Men typically notice a drop in sex drive, difficulty getting or maintaining erections, and reduced fertility. These symptoms happen because high cortisol suppresses the signals from the brain that tell the body to produce testosterone.

How Symptoms Differ in Children

In children, the hallmark of Cushing’s disease is a combination that parents and pediatricians sometimes overlook: the child continues gaining weight while their height growth slows dramatically or stops. Healthy children typically grow taller and heavier in proportion. When a child is getting heavier but not taller, and especially if they’re falling behind their expected growth curve, Cushing’s should be considered. Weight gain alone is common in children, but weight gain paired with growth deceleration is a red flag that points toward excess cortisol rather than diet or lifestyle.

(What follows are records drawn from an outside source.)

Lemma Acont_approx m f g h a b e e1 : (0 < m)%nat -> Cm m f -> Cm m g -> a <= b ->
  C1_close f (Taylor m f a) a b e e1 -> C1_close g (Taylor m g a) a b e e1 ->
  Rabs (Acont m f g h a b - A_exact f g h a b)
  <= 8 * e * tvar (Taylor m f a) (Taylor m g a) a b + 4 * e1 * e * (b - a).
Proof.
  intros Hm Hf Hg Hab Hef Heg.
  assert (HTf := is_poly_C1 m _ (Taylor_is_poly m f a) Hm).
  assert (HTg := is_poly_C1 m _ (Taylor_is_poly m g a) Hm).
  assert (HR := cross_int_approx _ _ f g HTf HTg (Cm_C1 m f Hm Hf) (Cm_C1 m g Hm Hg)
                  a b e e1 Hab Hef Heg).
  destruct (Rabs_sub_le_tvar _ _ a b Hab HTf HTg) as [HTfb HTgb].
  rewrite (Taylor_center m f a), (Taylor_center m g a) in HR.
  rewrite (Taylor_center m f a) in HTfb. rewrite (Taylor_center m g a) in HTgb.
  destruct (Hef b ltac:(lra)) as [Hfb _], (Heg b ltac:(lra)) as [Hgb _].
  pose proof (Rabs_mult_le _ _ _ _ HTfb Hgb) as HFg.
  pose proof (Rabs_mult_le _ _ _ _ HTgb Hfb) as HGf.
  change (Acont m f g h a b) with
    (h b - h a - 2 * cross_int (Taylor m f a) (Taylor m g a) a b
     + 2 * f a * (g b - Taylor m g a b) - 2 * g a * (f b - Taylor m f a b)).
  unfold A_exact. apply Rabs_le_between in HR, HFg, HGf. apply Rabs_le. lra.
Qed.

Lemma Adisc_approx m X f g h a b e e1 : (0 < m)%nat -> Cm m f -> Cm m g ->
  NoDup X -> length X = S m -> In a X -> In b X -> a <= b ->
  C1_close f (Defs.interp m X f) a b e e1 -> C1_close g (Defs.interp m X g) a b e e1 ->
  Rabs (Adisc m X f g h a b - A_exact f g h a b)
  <= 4 * e * tvar (Defs.interp m X f) (Defs.interp m X g) a b + 4 * e1 * e * (b - a).
Proof.
  intros Hm Hf Hg HX Hlen Ha Hb Hab Hef Heg.
  assert (HR := cross_int_approx _ _ f g
                  (is_poly_C1 m _ (interp_is_poly m X f) Hm)
                  (is_poly_C1 m _ (interp_is_poly m X g) Hm)
                  (Cm_C1 m f Hm Hf) (Cm_C1 m g Hm Hg) a b e e1 Hab Hef Heg).
  rewrite !(interp_agrees m X f HX Hlen a Ha), !(interp_agrees m X f HX Hlen b Hb),
          !(interp_agrees m X g HX Hlen a Ha), !(interp_agrees m X g HX Hlen b Hb) in HR.
  change (Adisc m X f g h a b) with
    (h b - h a - 2 * cross_int (Defs.interp m X f) (Defs.interp m X g) a b).
  unfold A_exact. apply Rabs_le_between in HR. apply Rabs_le. lra.
Qed.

Why It Takes So Long to Diagnose

The average time from first symptoms to diagnosis is nearly three years. For pituitary Cushing’s disease specifically, the most common form, the average delay is 38 months. This happens for several reasons. Early symptoms like weight gain, fatigue, mood changes, and high blood pressure are incredibly common in the general population. No single symptom is unique to Cushing’s. It’s the combination and pattern that points toward the diagnosis.

Many patients see multiple specialists before anyone connects the dots: a dermatologist for acne or skin changes, a psychiatrist for depression, an endocrinologist for diabetes, an orthopedist for a fracture. The symptoms accumulate across different body systems, making it easy to treat each one individually without recognizing the shared cause. If you’re experiencing several symptoms from this list simultaneously, especially the more distinctive ones like facial rounding, purple stretch marks, and proximal muscle weakness, bringing up Cushing’s disease by name with your doctor can help accelerate the diagnostic process.